You might be asked to take over everything that needs to be translated if being bilingual is part of your identity. “Another more subtle example is the entire meeting room looking at you when [race or gender] arises and expecting you to be the expert on diversity issues,” Eckler said.
If true inclusion includes recognizing and respecting people’s backgrounds, experiences, and identities as oppressed individuals, tokenism is erasing the full complexity of those identities.

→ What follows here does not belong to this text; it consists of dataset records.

Lemma RInt_beta_half_lower :
  1 / (4 * sqrt 2 * sqrt D) <= RInt (beta_half (d - 1)) 0 (1 - 1 / D).
Proof.
pose proof INR_d_ge_2. pose proof inv_D_bounds. pose proof sqrt_D_pos.
assert (H2D : 2 / D = 2 * (1 / D)) by field_pos.
set (c := sqrt D / sqrt 2).
assert (Hint : is_RInt (fun t => c * (1 - D * (1 - t) / 2)) (1 - 2 / D) (1 - 1 / D) (c / (4 * D))).
{ replace (c / (4 * D)) with
    (minus (c * ((1 - 1 / D) + D * (1 - (1 - 1 / D)) ^ 2 / 4))
           (c * ((1 - 2 / D) + D * (1 - (1 - 2 / D)) ^ 2 / 4)))
    by (unfold minus, plus, opp; simpl; field_pos).
  apply (is_RInt_derive (fun t => c * (t + D * (1 - t) ^ 2 / 4))); intros t _.
  - auto_derive; [auto | field].
  - apply (ex_derive_continuous (fun t => c * (1 - D * (1 - t) / 2))). auto_derive. auto. }
assert (Hcmp : c / (4 * D) <= RInt (beta_half (d - 1)) (1 - 2 / D) (1 - 1 / D)).
{ apply (is_RInt_le _ _ (1 - 2 / D) (1 - 1 / D) _ _ ltac:(lra) Hint
          (RInt_correct _ _ _ (ex_RInt_beta_half _ (1 - 2 / D) (1 - 1 / D) ltac:(lra)))).
  intros t Ht. apply beta_half_ge_tent. lra. }
rewrite <- (RInt_Chasles (beta_half (d - 1)) 0 (1 - 2 / D) (1 - 1 / D))
  by (apply ex_RInt_beta_half; lra).
assert (0 <= RInt (beta_half (d - 1)) 0 (1 - 2 / D)).
{ apply RInt_ge_0; [lra | apply ex_RInt_beta_half; lra |].
  intros t Ht; apply beta_half_ge0; lra. }
assert (Hc : c / (4 * D) = 1 / (4 * sqrt 2 * sqrt D)).
{ assert (0 < sqrt 2) by (apply sqrt_lt_R0; lra).
  assert (HDD : sqrt D * sqrt D = D) by (apply sqrt_sqrt; lra).
  unfold c. replace (4 * D) with (4 * (sqrt D * sqrt D)) by (rewrite HDD; ring). field_pos. }
unfold plus; simpl. lra.
Qed.

End BetaHalfBounds.

Theorem mainTheorem7 : forall d : nat, (2 <= d)%nat ->
  exists Bx B : R,
    incomplete_beta ((INR d + 1) / 2) (1 / 2) (1 - 1 / INR d) Bx /\
    complete_beta ((INR d + 1) / 2) (1 / 2) B /\
    Bx / B >= 1 / (8 * sqrt (6 * PI)).
Proof.
intros d Hd.
pose proof (inv_D_bounds d Hd). pose proof (sqrt_D_pos d Hd).
replace ((INR d + 1) / 2) with ((INR (d - 1) + 2) / 2) by (rewrite minus_INR by lia; simpl; field).
set (F := RInt (beta_half (d - 1)) 0).
destruct (nondecreasing_bounded_left_limit F 0 1 (4 / sqrt (INR d)))
  as (B & HBU & HFB & Hlim).
- lra.
- intros x y Hxy Hy. apply RInt_beta_half_nondecreasing; lra.
- intros y Hy. apply RInt_beta_half_upper; auto.
- exists (F (1 - 1 / INR d)), B. split; [|split].
  + apply incomplete_beta_RInt. lra.
  + intros eps Heps. destruct (Hlim eps Heps) as (delta & Hdelta & Hclose).
    exists delta. split; [lra|]. intros y Hy.
    exists (F y). split; [apply incomplete_beta_RInt; lra | auto].
  + pose proof (RInt_beta_half_lower d Hd) as HL. fold F in HL.
    assert (Hs2 : 0 < sqrt 2) by (apply sqrt_lt_R0; lra).
    assert (Hratio : 1 / (4 * sqrt 2 * sqrt (INR d)) / (4 / sqrt (INR d)) <= F (1 - 1 / INR d) / B).
    { apply div_le_div_of_bounds; auto; [|apply HFB; lra].
      apply Rdiv_lt_0_compat; [lra|]. nra. }
    pose proof inv_8_sqrt_6PI_le.
    replace (1 / (4 * sqrt 2 * sqrt (INR d)) / (4 / sqrt (INR d))) with (1 / (16 * sqrt 2))
      in Hratio by field_pos.
    lra.
Qed.
(* Let $M$ be a closed, connected, oriented smooth $4m$-manifold and $\Phi\colon H^*(M;\mathbb R)\to\wedge^*\mathbb R^{4m}$ an injective homomorphism of graded algebras (cup product to exterior product) whose image is closed under the Euclidean Clifford product $\cdot$ of $\wedge^*\mathbb R^{4m}$. Let $\Lambda_{2m}=\Phi(H^{2m}(M;\mathbb R))$. Then $\Lambda_{2m}$ is closed under the Hodge star $*$ of $\wedge^{2m}\mathbb R^{4m}$, so $\Lambda_{2m}=\Lambda^+_{2m}\oplus\Lambda^-_{2m}$ with $\Lambda^\pm_{2m}$ the $\pm1$-eigenspaces of $*$ in $\Lambda_{2m}$; and the map $P\colon\wedge^{2m}\mathbb R^{4m}\times\wedge^{2m}\mathbb R^{4m}\to\wedge^{2m}\mathbb R^{4m}$, $P(v,v')=\langle v\cdot v'\rangle_{2m}$, satisfies $P(\Lambda^+_{2m}\times\Lambda^+_{2m})\subset\Lambda^+_{2m}$ and $P(\Lambda^-_{2m}\times\Lambda^-_{2m})\subset\Lambda^-_{2m}$.
   Context: The Euclidean Clifford product on $\wedge^*\mathbb R^{N}$: the Clifford algebra of $(\mathbb R^N,\text{standard inner product})$ identified with $\wedge^*\mathbb R^N$ via $e_{i_1}\cdots e_{i_k}\leftrightarrow e_{i_1}\wedge\dots\wedge e_{i_k}$ ($i_1<\dots<i_k$), with $e_i\cdot e_i=1$ and $e_i\cdot e_j=-e_j\cdot e_i$ for $i\ne j$. $\langle\xi\rangle_k$ denotes the degree-$k$ component. *)

From HB Require Import structures.
From mathcomp Require Import all_boot all_order all_algebra.
From mathcomp Require Import reals.
Set Implicit Arguments. Unset Strict Implicit. Unset Printing Implicit Defensive.
Import Order.TTheory GRing.Theory Num.Theory.
Local Open Scope ring_scope.

(* The exterior algebra  /\^* R^N, as coefficient functions on the basis
   e_S = e_{i_1} /\ ... /\ e_{i_k}, S = {i_1 < ... < i_k} a subset of 'I_N. *)
Notation Ext R N := {ffun {set 'I_N} -> R^o}.

Definition esign (R : realType) (N : nat) (S T : {set 'I_N}) : R :=
  (-1) ^+ #|[set p : 'I_N * 'I_N | [&& p.1 \in S, p.2 \in T & (p.2 < p.1)%N]]|.
(* Let $n\ge1$, $f\in A_{\vec 0}(\mathbb{D}^n)$ and $\alpha\in\mathbb{C}\setminus\{0\}$. Then no non-zero positive measure $\mu\in A_{\vec 0}(\mathbb{D}^n)^\perp$ has support contained in the level set $\{z\in\mathbb{T}^n: f(z)=\alpha\}$.
   Context: $A(\mathbb{D}^n)$ is the polydisc algebra (continuous on $\overline{\mathbb{D}}^n$, holomorphic on $\mathbb{D}^n$), regarded as a subspace of $C(\mathbb{T}^n)$. $A_{\vec 0}(\mathbb{D}^n)=\{z_1\cdots z_n f(z): f\in A(\mathbb{D}^n)\}$. $A_{\vec 0}(\mathbb{D}^n)^\perp$ is the set of complex Borel measures $\mu$ of bounded variation on $\mathbb{T}^n$ with $\int_{\mathbb{T}^n} g\,d\mu=0$ for all $g\in A_{\vec 0}(\mathbb{D}^n)$. *)

(* mathcomp-analysis over an abstract R : realType,
   complex numbers are R[i] (mathcomp-real-closed), viewed as the normed
   space (R[i])^o over itself (so `derivable` = complex differentiability). *)
From HB Require Import structures.
From mathcomp Require Import all_boot all_order all_algebra.
From mathcomp Require Import complex.
From mathcomp Require Import all_classical all_reals all_analysis.
Set Implicit Arguments.
Unset Strict Implicit.
Unset Printing Implicit Defensive.
Import Order.TTheory GRing.Theory Num.Theory.
Import numFieldNormedType.Exports.
Local Open Scope ring_scope.
Local Open Scope classical_set_scope.

Notation CC R := ((R[i])^o).

(* Points of C^n are row vectors; z ord0 j is the j-th coordinate. *)
Definition torus (R : realType) (n : nat) : set 'rV[CC R]_n :=
  [set z | forall j : 'I_n, `|z ord0 j| = 1].
Definition closed_polydisc (R : realType) (n : nat) : set 'rV[CC R]_n :=
  [set z | forall j : 'I_n, `|z ord0 j| <= 1].
Definition open_polydisc (R : realType) (n : nat) : set 'rV[CC R]_n :=
  [set z | forall j : 'I_n, `|z ord0 j| < 1].
Arguments torus : clear implicits.
Arguments closed_polydisc : clear implicits.
Arguments open_polydisc : clear implicits.

Definition upd (R : realType) (n : nat) (z : 'rV[CC R]_n) (j : 'I_n)
  (w : CC R) : 'rV[CC R]_n :=
  \row_(k < n) (if k == j then w else z ord0 k).

(* g in A(D^n): continuous on the closed polydisc and holomorphic on the
   open polydisc (holomorphic = complex differentiable in each variable
   separately; with continuity this is the usual notion, by Osgood). *)
Definition in_polydisc_alg (R : realType) (n : nat)
  (g : 'rV[CC R]_n -> CC R) : Prop :=
  {within closed_polydisc R n, continuous g} /\
  (forall z, open_polydisc R n z -> forall j : 'I_n,
     derivable (fun w : CC R => g (upd z j w)) (z ord0 j) 1).

(* f in A_0(D^n), regarded as a function on T^n: f = z_1...z_n g on T^n
   for some g in A(D^n). *)
Definition in_polydisc_alg0 (R : realType) (n : nat)
  (f : 'rV[CC R]_n -> CC R) : Prop :=
  exists g, in_polydisc_alg g /\
    forall z, torus R n z -> f z = (\prod_(j < n) z ord0 j) * g z.

Notation borelCn R n := (g_sigma_algebraType (@open 'rV[CC R]_n)).

Definition cintegral (R : realType) (n : nat)
  (mu : {measure set (borelCn R n) -> \bar R})
  (D : set (borelCn R n)) (h : 'rV[CC R]_n -> CC R) : CC R :=
  ((\int[mu]_(x in D) complex.Re (h x))%:C + 'i * (\int[mu]_(x in D) complex.Im (h x))%:C)%C.

Definition msupport (R : realType) (n : nat)
  (mu : {measure set (borelCn R n) -> \bar R}) : set 'rV[CC R]_n :=
  [set x | forall U : set 'rV[CC R]_n, open U -> U x -> (0 < mu U)%E].

Definition annihilates_A0 (R : realType) (n : nat)
  (mu : {measure set (borelCn R n) -> \bar R}) : Prop :=
  forall g, in_polydisc_alg0 g -> cintegral mu (torus R n) g = 0.

From HB Require Import structures.
From mathcomp Require Import all_boot all_order all_algebra.
From mathcomp Require Import complex.
From mathcomp Require Import all_classical all_reals all_analysis.
From mathcomp Require Import measurable_realfun.
From mathcomp Require Import lra.
Set Implicit Arguments.
Unset Strict Implicit.
Unset Printing Implicit Defensive.
Import Order.TTheory GRing.Theory Num.Theory.
Import numFieldNormedType.Exports.
Local Open Scope ring_scope.
Local Open Scope classical_set_scope.

(* Let mu be such a finite measure and K its closed support.  Since C^n is
   second countable, the open set ~` K is a countable union of mu-null
   rational balls, so mu is carried by K, hence by T^n.  The function f is
   continuous on T^n, hence Borel measurable there, and f = alpha on K;
   therefore its integral against mu equals alpha * mu(T^n).  But f itself
   lies in A_0(D^n), so the integral vanishes, and alpha <> 0 forces
   mu(T^n) = 0, i.e. mu = 0. *)

Section ComplexProjections.
Variable R : realType.

Lemma lipschitz1_continuous (p : CC R -> R) :
  (forall x y : CC R, (`|p x - p y|%:C <= `|x - y|)%C) -> continuous p.
Proof.
move=> lip x A /= /nbhs_ballP [e e0 hA].
apply/nbhs_ballP; exists e%:C%C; first by rewrite /= ltcR.
move=> y; rewrite -ball_normE /= => hy; apply: hA.
by rewrite -ball_normE /= -ltcR; exact: le_lt_trans (lip x y) hy.
Qed.

Lemma normc_ge_Im (z : R[i]) : (`|complex.Im z|%:C <= `|z|)%C.
Proof.
rewrite normc_def lecR -sqrtr_sqr; apply: ler_wsqrtr.
by rewrite lerDr sqr_ge0.
Qed.

Lemma Re_continuous : continuous (fun z : CC R => complex.Re z).
Proof.
by apply: lipschitz1_continuous => x y; rewrite -raddfB; exact: normc_ge_Re.
Qed.

Lemma Im_continuous : continuous (fun z : CC R => complex.Im z).
Proof.
by apply: lipschitz1_continuous => x y; rewrite -raddfB; exact: normc_ge_Im.
Qed.

End ComplexProjections.

Section BorelCn.
Variables (R : realType) (n : nat).
Local Notation X := (borelCn R n).

Lemma open_measurableCn (A : set X) :
  open (A : set 'rV[CC R]_n) -> measurable A.
Proof. by move=> oA; apply: sub_sigma_algebra. Qed.

Lemma closed_measurableCn (A : set X) :
  closed (A : set 'rV[CC R]_n) -> measurable A.
Proof.
move=> cA; rewrite -[A]setCK; apply: measurableC; apply: open_measurableCn.
exact: closed_openC.
Qed.

Lemma torus_closed : closed (torus R n).
Proof.
have -> : torus R n =
    \bigcap_(j in setT) ((fun z : 'rV[CC R]_n => `|z ord0 j|) @^-1` [set 1]).
  by apply/seteqP; split => z /= Tz j; [move=> _ |]; apply: Tz.
apply: closed_bigI => j _; apply: preimage_closed; last first.
  exact/accessible_closed_set1/hausdorff_accessible/norm_hausdorff.
move=> z _; apply: continuous_comp; first exact: coord_continuous.
exact: norm_continuous.
Qed.

Lemma measurable_torus : measurable (torus R n : set X).
Proof. exact: closed_measurableCn torus_closed. Qed.

Lemma continuous_measurable_fun (D : set X) (h : 'rV[CC R]_n -> R) :
  measurable D -> {within (D : set 'rV[CC R]_n), continuous h} ->
  measurable_fun D (h : X -> R).
Proof.
move=> mD /continuousP ch.
apply: (measurability _ (RGenOpens.measurableE R)) => _ [_ [a [b ->] <-]].
have /open_subspaceP [V oV VD] :=
  ch `]a, b[%classic (@interval_open R (BRight a) (BLeft b) erefl erefl).
by rewrite setIC -VD; apply: measurableI => //; exact: open_measurableCn.
Qed.

Lemma coord_prod_continuous (s : seq 'I_n) :
  continuous (fun z : 'rV[CC R]_n => \prod_(j <- s) z ord0 j).
Proof.
elim: s => [|j s IH] z.
  by under eq_fun do rewrite big_nil; exact: cst_continuous.
under eq_fun do rewrite big_cons.
apply: continuousM; last exact: IH.
exact: (@coord_continuous (R[i]^o) 1 n ord0 j z).
Qed.

Lemma A0_continuous_on_torus (g : 'rV[CC R]_n -> CC R) :
  {within closed_polydisc R n, continuous g} ->
  {within torus R n, continuous (fun z => (\prod_(j < n) z ord0 j) * g z)}.
Proof.
move=> gc; apply: (@continuous_subspaceW _ _ _ (closed_polydisc R n)).
  by move=> z Tz j; rewrite Tz.
apply/subspace_continuousP => x Dx.
have gx := (iffLR (subspace_continuousP _ _) gc) x Dx.
apply: cvgM gx; apply: cvg_within_filter; exact: coord_prod_continuous.
Qed.

Lemma A0_measurable_fun (f : 'rV[CC R]_n -> CC R) (p : CC R -> R) :
  continuous p -> in_polydisc_alg0 f ->
  measurable_fun (torus R n : set X) (fun z => p (f z)).
Proof.
move=> pc [g [[gc _] fE]].
apply: (@eq_measurable_fun _ _ _ _ _
  (fun z : X => p ((\prod_(j < n) z ord0 j) * g z))).
  by move=> z; rewrite inE => Tz; rewrite fE.
apply: continuous_measurable_fun; first exact: measurable_torus.
apply/subspace_continuousP => x Tx.
have fx := (iffLR (subspace_continuousP _ _) (A0_continuous_on_torus gc)) x Tx.
exact: cvg_comp fx (pc _).
Qed.

End BorelCn.

Section RationalPoints.
Variables (R : realType) (n : nat).

Definition rat_point (q : 'rV[rat * rat]_n) : 'rV[CC R]_n :=
  \row_j ((ratr (q ord0 j).1 +i* ratr (q ord0 j).2)%C : CC R).

Lemma normc_lt_parts (z : R[i]) (d : R) :
  `|complex.Re z| < d -> `|complex.Im z| < d -> (`|z| < (d *+ 2)%:C)%C.
Proof.
move=> hr hi; rewrite normc_def ltcR.
have d0 : 0 < d by exact: le_lt_trans (normr_ge0 _) hr.
rewrite -[X in _ < X]ger0_norm ?pmulrn_lge0 ?ltW // -sqrtr_sqr.
rewrite ltr_sqrt; last first.
  by rewrite exprn_gt0 // pmulrn_lgt0.
move: hr hi; rewrite !ltr_norml => /andP[h1 h2] /andP[h3 h4].
rewrite mulr2n; nra.
Qed.

Lemma ball_coordP (x y : 'rV[CC R]_n) (e : R) : 0 < e ->
  (forall j, `|x ord0 j - y ord0 j| < e%:C)%C -> ball x e%:C%C y.
Proof.
move=> e0 xy; split; first by rewrite ltcR.
by move=> i j; rewrite ord1 -ball_normE /=; exact: xy.
Qed.

Lemma rat_point_dense (x : 'rV[CC R]_n) (e : R) : 0 < e ->
  exists q, forall j, (`|x ord0 j - rat_point q ord0 j| < e%:C)%C.
Proof.
move=> e0; have e2 : 0 < e / 2 by rewrite divr_gt0.
suff /choice [q hq] : forall j : 'I_n, exists q : rat * rat,
    `|complex.Re (x ord0 j) - ratr q.1| < e / 2 /\
    `|complex.Im (x ord0 j) - ratr q.2| < e / 2.
  exists (\row_j q j) => j; rewrite [e in (e%:C)%C]splitr -mulr2n.
  by rewrite /rat_point !mxE; apply: normc_lt_parts; rewrite raddfB; apply hq.
move=> j.
have [a] := @rat_in_itvoo R (complex.Re (x ord0 j) - e / 2)
  (complex.Re (x ord0 j) + e / 2) ltac:(lra).
have [b] := @rat_in_itvoo R (complex.Im (x ord0 j) - e / 2)
  (complex.Im (x ord0 j) + e / 2) ltac:(lra).
rewrite !in_itv /= => /andP[b1 b2] /andP[a1 a2].
by exists (a, b); rewrite !ltr_distl; split; apply/andP; split; lra.
Qed.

“You are a walking, talking billboard for whatever marginalized group you have been propped up to represent,” Martinez said. “You may feel worried and preoccupied to always be on your best behavior as the model for your minority group and make sure you don’t propagate any stereotypes intentionally or unintentionally.”
The Need To Be on Guard
Overall, tokenism can leave individuals to fend for themselves. “You are always on guard and hypervigilant to possible microaggressions or violence,” Martinez added. “You may get the impression that nobody fully understands who you are and, moreover, isn’t trying to.”
Tokenism is a practice where people from minority groups are chosen to help a larger group appear diverse. However, this practice is not healthy for individuals who experience it or helpful for those who do it. Therefore, it’s important to understand what tokenism is and how to avoid it.